PROBLEM →
Search the entries for lines with the string "sumrB" and say how many there are, giving only the number.

RECORDS TO PROCESS →
Lemma ssyt4_weight_xys L1 L2 p1 p2 p3 q1 q2 :
  ssyt4_weight L1 L2 xys p1 p2 p3 q1 q2 =
  monom (L1 - (p1 + p2 + p3) + (p1 + q1)) (p2 + q2 + (p3 + (L2 - (q1 + q2))))
        (L1 - (p1 + p2 + p3) + (p2 + q2)) (p1 + q1 + (p3 + (L2 - (q1 + q2)))).
Proof.
rewrite /ssyt4_weight /monom /xys !inordK //=.
exact: monomial_pairwise_products.
Qed.

(* A tableau with parameters (p1, p2, p3, q1, q2) contributes to [coef_at _ (L1 + L2) K L]
   iff p2 and p1 take the values forced by the x2- and y2-degrees K - 1 and L - 1. *)
Lemma ssyt4_exponentE (L1 L2 K L p1 p2 p3 q1 q2 : nat) : (L2 <= L1)%N -> (K + L <= L1 + 2)%N ->
  ssyt4_admissible L1 L2 p1 p2 p3 q1 q2 &&
    ((((L1 + L2).+1 - K == L1 - (p1 + p2 + p3) + (p1 + q1)) &&
      ((L1 + L2) - ((L1 + L2).+1 - K) == p2 + q2 + (p3 + (L2 - (q1 + q2)))) &&
      ((L1 + L2).+1 - L == L1 - (p1 + p2 + p3) + (p2 + q2))) &&
      ((L1 + L2) - ((L1 + L2).+1 - L) == p1 + q1 + (p3 + (L2 - (q1 + q2)))))%N
  = ((p2 == K - 1 - (p3 + (L2 - q1))) && ((p1 == L - 1 - (p3 + (L2 - q2))) &&
      [&& q1 + q2 <= L2, p3 + (L2 - q1) < K & p3 + (L2 - q2) < L]))%N.
Proof.
move=> le_L21 le_KL; rewrite /ssyt4_admissible; apply/idP/idP.
- case/andP => /and5P[? ? ? ? ?] /andP[/andP[/andP[/eqP ? /eqP ?] /eqP ?] /eqP ?].
  by apply/andP; split; [|apply/andP; split; [|apply/and3P; split]]; try apply/eqP; lia.
- case/andP => /eqP ? /andP[/eqP ? /and3P[? ? ?]].
  apply/andP; split; [apply/and5P; split | apply/andP; split; [apply/andP; split;
   [apply/andP; split|]|]]; try apply/eqP; lia.
Qed.

Lemma coef_at_lhs L1 L2 K L : (L2 <= L1)%N -> (K + L <= L1 + 2)%N ->
  coef_at (schur 4 [:: L1; L2] xys) (L1 + L2) K L =
  \sum_(p3 < L1.+1) \sum_(q1 < L1.+1) \sum_(q2 < L1.+1)
     (q1 + q2 <= L2)%N%:R * ((p3 + (L2 - q1) < K) && (p3 + (L2 - q2) < L))%N%:R.
Proof.
move=> le_L21 le_KL; rewrite /coef_at schur4_two_row // coef4_sum.
apply: eq_bigr => p3 _; rewrite coef4_sum; apply: eq_bigr => q1 _.
rewrite coef4_sum; apply: eq_bigr => q2 _; rewrite coef4_sum.
have termE (p1 p2 : nat) :
    coef4 (if ssyt4_admissible L1 L2 p1 p2 p3 q1 q2 then ssyt4_weight L1 L2 xys p1 p2 p3 q1 q2
           else 0)
      ((L1 + L2).+1 - K) (L1 + L2 - ((L1 + L2).+1 - K))
      ((L1 + L2).+1 - L) (L1 + L2 - ((L1 + L2).+1 - L)) =
    ((p2 == K - 1 - (p3 + (L2 - q1))) && ((p1 == L - 1 - (p3 + (L2 - q2))) &&
      [&& q1 + q2 <= L2, p3 + (L2 - q1) < K & p3 + (L2 - q2) < L]))%N%:R.
  rewrite -(@ssyt4_exponentE L1 L2 K L p1 p2 p3 q1 q2) //; case: ssyt4_admissible => /=.
  - by rewrite ssyt4_weight_xys coef4_monom.
  - by rewrite /coef4 !coef0.
under eq_bigr => p1 _ do rewrite coef4_sum.
under eq_bigr => p1 _ do under eq_bigr => p2 _ do rewrite termE.
under eq_bigr => p1 _ do rewrite sum_ord_eq_andb andbCA.
rewrite sum_ord_eq_andb -natrM mulnb; congr (_%:R).
by case: (q1 + q2 <= L2)%N; case: (p3 + (L2 - q1) < K)%N / leqP;
  case: (p3 + (L2 - q2) < L)%N / leqP => //=; lia.
Qed.

Lemma mixed_diff_schur4_xys L1 L2 K0 L0 : (L2 <= L1)%N -> (K0 + L0 <= L1)%N ->
  mixed_diff (coef_at (schur 4 [:: L1; L2] xys) (L1 + L2)) K0 L0 =
  \sum_(p3 < L1.+1) \sum_(q1 < L1.+1) \sum_(q2 < L1.+1)
     (q1 + q2 <= L2)%N%:R * ((p3 + (L2 - q1) == K0) && (p3 + (L2 - q2) == L0))%N%:R.
Proof.
move=> le_L21 le_KL0.
rewrite (@eq_mixed_diff _ (fun K L => \sum_(p3 < L1.+1) \sum_(q1 < L1.+1) \sum_(q2 < L1.+1)
     (q1 + q2 <= L2)%N%:R * ((p3 + (L2 - q1) < K) && (p3 + (L2 - q2) < L))%N%:R)); last first.
  by move=> K L le_K le_L; apply: coef_at_lhs => //; lia.
rewrite mixed_diff_sum; under eq_bigr => p3 _ do rewrite mixed_diff_sum.
under eq_bigr => p3 _ do under eq_bigr => q1 _ do rewrite mixed_diff_sum.
by under eq_bigr => p3 _ do under eq_bigr => q1 _ do under eq_bigr => q2 _ do
  rewrite mixed_diff_indicator.
Qed.

(* Given p3, the two equations force q1 = p3 + L2 - K0 and q2 = p3 + L2 - L0, and
   then q1 + q2 <= L2 reads 2 p3 <= K0 + L0 - L2. *)
Lemma sum_p3_q1_q2_indicator L1 L2 K0 L0 :
  (K0 <= L2)%N -> (L0 <= L2)%N -> (K0 + L0 <= L1)%N ->
  \sum_(p3 < L1.+1) \sum_(q1 < L1.+1) \sum_(q2 < L1.+1)
     (q1 + q2 <= L2)%N%:R * ((p3 + (L2 - q1) == K0) && (p3 + (L2 - q2) == L0))%N%:R
  = (if (L2 <= K0 + L0)%N then ((K0 + L0 - L2) %/ 2).+1 else 0%N)%:R :> int.
Proof.
move=> le_K0 le_L0 le_KL0.
have termE (p3 q1 q2 : nat) :
    (q1 + q2 <= L2)%N%:R * ((p3 + (L2 - q1) == K0) && (p3 + (L2 - q2) == L0))%N%:R =
    ((q2 == p3 + L2 - L0) && ((q1 == p3 + L2 - K0) && (2 * p3 + L2 <= K0 + L0)))%N%:R :> int.
  rewrite -natrM mulnb; congr (_%:R); congr (nat_of_bool _); apply/idP/idP.
  - case/andP => ? /andP[/eqP ? /eqP ?].
    by apply/andP; split; [|apply/andP; split]; try apply/eqP; lia.
  - case/andP => /eqP ? /andP[/eqP ? ?].
    by apply/andP; split; [|apply/andP; split]; try apply/eqP; lia.
under eq_bigr => p3 _ do under eq_bigr => q1 _ do under eq_bigr => q2 _ do rewrite termE.
under eq_bigr => p3 _ do under eq_bigr => q1 _ do rewrite sum_ord_eq_andb andbCA.
under eq_bigr => p3 _ do rewrite sum_ord_eq_andb.
rewrite (eq_bigr (fun p3 : 'I_L1.+1 =>
  ((p3 < if (L2 <= K0 + L0)%N then ((K0 + L0 - L2) %/ 2).+1 else 0%N)%N)%:R)).
  by rewrite sum_ord_ltn //; case: ifP; lia.
by move=> p3 _; congr (_%:R); have := ltn_ord p3; case: ifP; lia.
Qed.

(** * The partition function p_S *)

(* For m <= n, x1 = n - x3 - x4 and x2 = m - x3 - 2 x4 are determined by (x3, x4). *)
Lemma pS_nat_sum n m : (m <= n)%N ->
  (pS_nat n m)%:R = \sum_(x3 < m.+1) \sum_(x4 < m.+1) (x3 + 2 * x4 <= m)%N%:R :> int.
Proof.
move=> le_mn; rewrite /pS_nat -sum1_card natr_sum big_mkcond /=.
rewrite (eq_bigr (fun x : 'I_(n + m).+1 * 'I_(n + m).+1 * 'I_(n + m).+1 * 'I_(n + m).+1 =>
  ((x.1.1.1 + x.1.2 + x.2 == n) && (x.1.1.2 + x.1.2 + 2 * x.2 == m))%N%:R)); last first.
  by move=> x _; rewrite inE; case: ifP.
rewrite !sum_pairE /=.
under eq_bigr => x1 _ do rewrite exchange_big.
under eq_bigr => x1 _ do under eq_bigr => x3 _ do rewrite exchange_big.
rewrite exchange_big /=.
under eq_bigr => x3 _ do rewrite exchange_big.
rewrite (eq_bigr (fun x3 : 'I_(n + m).+1 => \sum_(x4 < (n + m).+1) \sum_(x1 < (n + m).+1)
   \sum_(x2 < (n + m).+1) ((x2 == m - x3 - 2 * x4 :> nat) &&
     ((x1 == n - x3 - x4 :> nat) && (x3 + 2 * x4 <= m)))%N%:R)); last first.
  move=> x3 _; apply: eq_bigr => x4 _; apply: eq_bigr => x1 _; apply: eq_bigr => x2 _.
  congr (_%:R); congr (nat_of_bool _); apply/idP/idP.
  - case/andP => /eqP ? /eqP ?.
    by apply/andP; split; [|apply/andP; split]; try apply/eqP; lia.
  - by case/andP => /eqP ? /andP[/eqP ? ?]; apply/andP; split; apply/eqP; lia.
under eq_bigr => x3 _ do under eq_bigr => x4 _ do under eq_bigr => x1 _ do
  rewrite sum_ord_eq_andb andbCA.
under eq_bigr => x3 _ do under eq_bigr => x4 _ do rewrite sum_ord_eq_andb.
rewrite (eq_bigr (fun x3 : 'I_(n + m).+1 => \sum_(x4 < (n + m).+1)
   (x3 + 2 * x4 <= m)%N%:R)); last first.
  move=> x3 _; apply: eq_bigr => x4 _; congr (_%:R); congr (nat_of_bool _).
  by have := ltn_ord x3; have := ltn_ord x4; case: (x3 + 2 * x4 <= m)%N; lia.
rewrite (@sum_ord_shrink _ m.+1 (fun x3 => \sum_(x4 < (n + m).+1)
   (x3 + 2 * x4 <= m)%N%:R)); [|lia|]; last first.
  by move=> i le_mi; apply: big1 => x4 _; case: leqP => //; lia.
apply: eq_bigr => x3 _.
rewrite (@sum_ord_shrink _ m.+1 (fun x4 => (x3 + 2 * x4 <= m)%N%:R)) //; first lia.
by move=> i le_mi; case: leqP => //; lia.
Qed.

Lemma pS_nat0 n : (pS_nat n 0)%:R = 1 :> int.
Proof. by rewrite pS_nat_sum // !big_ord1. Qed.

(* The increment counts the pairs with x3 + 2 x4 = m + 1, i.e. the choices of x4. *)
Lemma pS_natS n m : (m.+1 <= n)%N ->
  (pS_nat n m.+1)%:R - (pS_nat n m)%:R = (m.+1./2.+1)%:R :> int.
Proof.
move=> lt_mn; rewrite !pS_nat_sum //; last by lia.
rewrite -[X in _ - X](@sum_ord_shrink m.+2 m.+1 (fun x3 =>
   \sum_(x4 < m.+1) (x3 + 2 * x4 <= m)%N%:R)); [|lia|]; last first.
  by move=> i le_mi; apply: big1 => x4 _; case: leqP => //; lia.
rewrite -sumrB.
rewrite (eq_bigr (fun x3 : 'I_m.+2 => \sum_(x4 < m.+2) (x3 + 2 * x4 == m.+1)%N%:R)); last first.
  move=> x3 _.
  rewrite -[X in _ - X](@sum_ord_shrink m.+2 m.+1 (fun x4 =>
    (x3 + 2 * x4 <= m)%N%:R)); [|lia|]; last by move=> i le_mi; case: leqP => //; lia.
  by rewrite -sumrB; apply: eq_bigr => x4 _; rewrite !natz; lia.
rewrite exchange_big /=.
rewrite (eq_bigr (fun x4 : 'I_m.+2 => \sum_(x3 < m.+2)
   ((x3 == m.+1 - 2 * x4 :> nat) && (2 * x4 <= m.+1))%N%:R)); last first.
  move=> x4 _; apply: eq_bigr => x3 _; congr (_%:R); congr (nat_of_bool _).
  by apply/eqP/andP => [? | [/eqP ? ?]]; [split; [apply/eqP|] |]; lia.
under eq_bigr => x4 _ do rewrite sum_ord_eq_andb.
rewrite (eq_bigr (fun x4 : 'I_m.+2 => (x4 < m.+1./2.+1)%N%:R)).
  by rewrite sum_ord_ltn //; rewrite -divn2; lia.
move=> x4 _; congr (_%:R); congr (nat_of_bool _); rewrite -divn2.
by apply/andP/idP => [[_ ?] | ?]; [|split]; lia.
Qed.

Lemma pS_diff (n : nat) (l : int) : l <= n%:Z ->
  (pS n l)%:Z - (pS n (l - 1))%:Z = if 0 <= l then ((absz l)./2.+1)%:Z else 0.
Proof.
case: l => [[|m] | k] le_ln.
- have -> : pS n (Posz 0 - 1) = 0%N by [].
  by rewrite /= -natz pS_nat0.
- rewrite (_ : Posz m.+1 - 1 = Posz m); last by lia.
  by rewrite /= -!natz pS_natS //; lia.
- by have -> : pS n (Negz k - 1) = 0%N by [].
Qed.

Local Close Scope ring_scope.

Lemma kronecker_two_row (g : seq nat -> seq nat -> seq nat -> int) (lam1 lam2 mu2 nu2 : nat) :
  kronecker_spec g -> mu2 <= lam2 -> nu2 <= lam2 -> lam2 <= lam1 -> mu2 + nu2 <= lam1 ->
  g [:: lam1 + lam2 - mu2; mu2] [:: lam1 + lam2 - nu2; nu2] [:: lam1; lam2] =
  Posz (if lam2 <= mu2 + nu2 then (mu2 + nu2 - lam2)./2.+1 else 0).
Proof.
move=> spec le_mu le_nu le_lam le_sum.
have sorted_lam : sorted geq [:: lam1; lam2] by rewrite /= andbT.
have := spec [:: lam1; lam2] isT sorted_lam; rewrite /= addn0 => schurE.
have lt_mu : mu2 < (lam1 + lam2)./2.+1 by rewrite ltnS geq_half_double -muln2; lia.
have lt_nu : nu2 < (lam1 + lam2)./2.+1 by rewrite ltnS geq_half_double -muln2; lia.
pose F (k l : 'I_((lam1 + lam2)./2.+1)) := g [:: lam1 + lam2 - k; nat_of_ord k]
  [:: lam1 + lam2 - l; nat_of_ord l] [:: lam1; lam2].
have := mixed_diff_rhs F (Ordinal lt_mu) (Ordinal lt_nu); rewrite /F /= -schurE.
rewrite mixed_diff_schur4_xys // sum_p3_q1_q2_indicator //; try lia.
by rewrite divn2 natz => <-.
Qed.

Unset Implicit Arguments.

Theorem proposition3p7 (lam2 mu2 nu2 : nat)
  (g : seq nat -> seq nat -> seq nat -> int) :
  kronecker_spec g ->
  mu2 <= lam2 -> nu2 <= mu2 ->
  let gl := fun lam1 : nat =>
    g [:: (lam1 + lam2 - mu2)%N; mu2] [:: (lam1 + lam2 - nu2)%N; nu2]
      [:: lam1; lam2] in
  let l : int := (Posz nu2 + Posz mu2 - Posz lam2)%R in
  let stable : int :=
    (Posz (pS (Posz nu2) l) - Posz (pS (Posz nu2) (l - 1)%R))%R in
  (forall lam1 lam1' : nat, lam2 <= lam1 -> lam2 <= lam1' ->
     mu2 + nu2 <= lam1 -> mu2 + nu2 <= lam1' -> gl lam1 = gl lam1') /\
  (forall lam1 : nat, lam2 <= lam1 -> mu2 + nu2 <= lam1 -> gl lam1 = stable) /\
  stable = (if (0 <= l)%R then Posz (absz l)./2.+1 else Posz 0).
Proof.
move=> spec le_mu le_nu gl l stable.
have stableE : stable = (if (0 <= l)%R then Posz (absz l)./2.+1 else Posz 0).
  by apply: pS_diff; rewrite /l; lia.
have lE : (if (0 <= l)%R then Posz (absz l)./2.+1 else Posz 0) =
          Posz (if lam2 <= mu2 + nu2 then (mu2 + nu2 - lam2)./2.+1 else 0).
  rewrite /l; case: leqP => le_lam.
  - by rewrite (_ : (_ + _ - _)%R = Posz (mu2 + nu2 - lam2)) ?ifT //; lia.
  - by rewrite ifF //; apply/negbTE; rewrite -ltNge; lia.
have glE lam1 : lam2 <= lam1 -> mu2 + nu2 <= lam1 -> gl lam1 = stable.
  by move=> ? ?; rewrite stableE lE /gl kronecker_two_row //; lia.
split; [|split] => //.
by move=> lam1 lam1' *; rewrite !glE.
Qed.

RESPONSE AREA →
2